*** Opening of Data for the task ***

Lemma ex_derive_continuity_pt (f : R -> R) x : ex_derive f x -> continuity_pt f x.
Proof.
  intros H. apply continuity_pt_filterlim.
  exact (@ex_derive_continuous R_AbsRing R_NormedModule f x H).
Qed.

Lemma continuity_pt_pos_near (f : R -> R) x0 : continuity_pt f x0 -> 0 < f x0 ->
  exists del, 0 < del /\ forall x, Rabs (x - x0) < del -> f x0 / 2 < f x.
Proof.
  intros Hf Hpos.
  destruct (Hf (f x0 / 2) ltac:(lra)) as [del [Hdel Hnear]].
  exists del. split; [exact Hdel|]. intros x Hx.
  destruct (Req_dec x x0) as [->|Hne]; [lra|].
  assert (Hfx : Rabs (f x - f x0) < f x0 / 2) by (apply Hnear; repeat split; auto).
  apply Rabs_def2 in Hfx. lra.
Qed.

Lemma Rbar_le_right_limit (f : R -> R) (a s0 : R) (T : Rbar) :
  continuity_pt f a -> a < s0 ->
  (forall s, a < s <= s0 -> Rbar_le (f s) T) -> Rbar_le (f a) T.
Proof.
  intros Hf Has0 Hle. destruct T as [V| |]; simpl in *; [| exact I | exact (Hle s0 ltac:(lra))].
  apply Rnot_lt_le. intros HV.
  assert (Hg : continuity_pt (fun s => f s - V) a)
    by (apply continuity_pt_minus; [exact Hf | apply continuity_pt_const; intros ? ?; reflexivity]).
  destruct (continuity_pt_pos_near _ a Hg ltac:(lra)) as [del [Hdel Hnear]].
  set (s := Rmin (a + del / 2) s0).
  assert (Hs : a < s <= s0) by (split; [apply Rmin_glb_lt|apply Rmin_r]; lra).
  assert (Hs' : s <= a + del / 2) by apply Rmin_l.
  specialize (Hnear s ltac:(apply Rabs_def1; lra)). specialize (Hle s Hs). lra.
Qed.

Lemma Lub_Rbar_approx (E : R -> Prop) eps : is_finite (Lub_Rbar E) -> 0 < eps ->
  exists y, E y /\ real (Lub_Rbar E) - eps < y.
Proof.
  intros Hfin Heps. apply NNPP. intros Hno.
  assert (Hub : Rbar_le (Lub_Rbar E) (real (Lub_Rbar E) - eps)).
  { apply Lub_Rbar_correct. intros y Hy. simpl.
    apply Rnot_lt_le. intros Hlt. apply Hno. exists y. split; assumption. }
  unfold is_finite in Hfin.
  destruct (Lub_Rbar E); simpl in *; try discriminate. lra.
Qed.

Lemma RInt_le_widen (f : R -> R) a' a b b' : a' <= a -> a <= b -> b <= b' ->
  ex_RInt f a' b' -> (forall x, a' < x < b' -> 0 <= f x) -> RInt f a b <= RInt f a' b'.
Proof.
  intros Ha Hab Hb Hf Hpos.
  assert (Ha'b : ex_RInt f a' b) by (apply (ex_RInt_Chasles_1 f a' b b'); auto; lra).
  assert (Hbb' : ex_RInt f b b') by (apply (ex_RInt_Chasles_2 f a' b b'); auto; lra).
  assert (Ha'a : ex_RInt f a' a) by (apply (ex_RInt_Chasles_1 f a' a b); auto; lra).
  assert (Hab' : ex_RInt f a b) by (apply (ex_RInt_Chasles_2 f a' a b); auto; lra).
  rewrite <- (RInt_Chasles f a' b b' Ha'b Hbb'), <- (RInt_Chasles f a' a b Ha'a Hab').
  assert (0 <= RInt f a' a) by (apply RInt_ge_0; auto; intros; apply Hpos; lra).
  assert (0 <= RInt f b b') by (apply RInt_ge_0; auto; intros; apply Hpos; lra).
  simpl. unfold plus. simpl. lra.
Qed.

*** Close of Data for the task ***

### Exercise objective
Among the records above, repeat exactly the line with "intros Ha Hab Hb Hf Hpos.", the line with "rewrite <- (RInt_Chasles", and every line in between, and only those.

### Solved problem
  intros Ha Hab Hb Hf Hpos.
  assert (Ha'b : ex_RInt f a' b) by (apply (ex_RInt_Chasles_1 f a' b b'); auto; lra).
  assert (Hbb' : ex_RInt f b b') by (apply (ex_RInt_Chasles_2 f a' b b'); auto; lra).
  assert (Ha'a : ex_RInt f a' a) by (apply (ex_RInt_Chasles_1 f a' a b); auto; lra).
  assert (Hab' : ex_RInt f a b) by (apply (ex_RInt_Chasles_2 f a' a b); auto; lra).
  rewrite <- (RInt_Chasles f a' b b' Ha'b Hbb'), <- (RInt_Chasles f a' a b Ha'a Hab').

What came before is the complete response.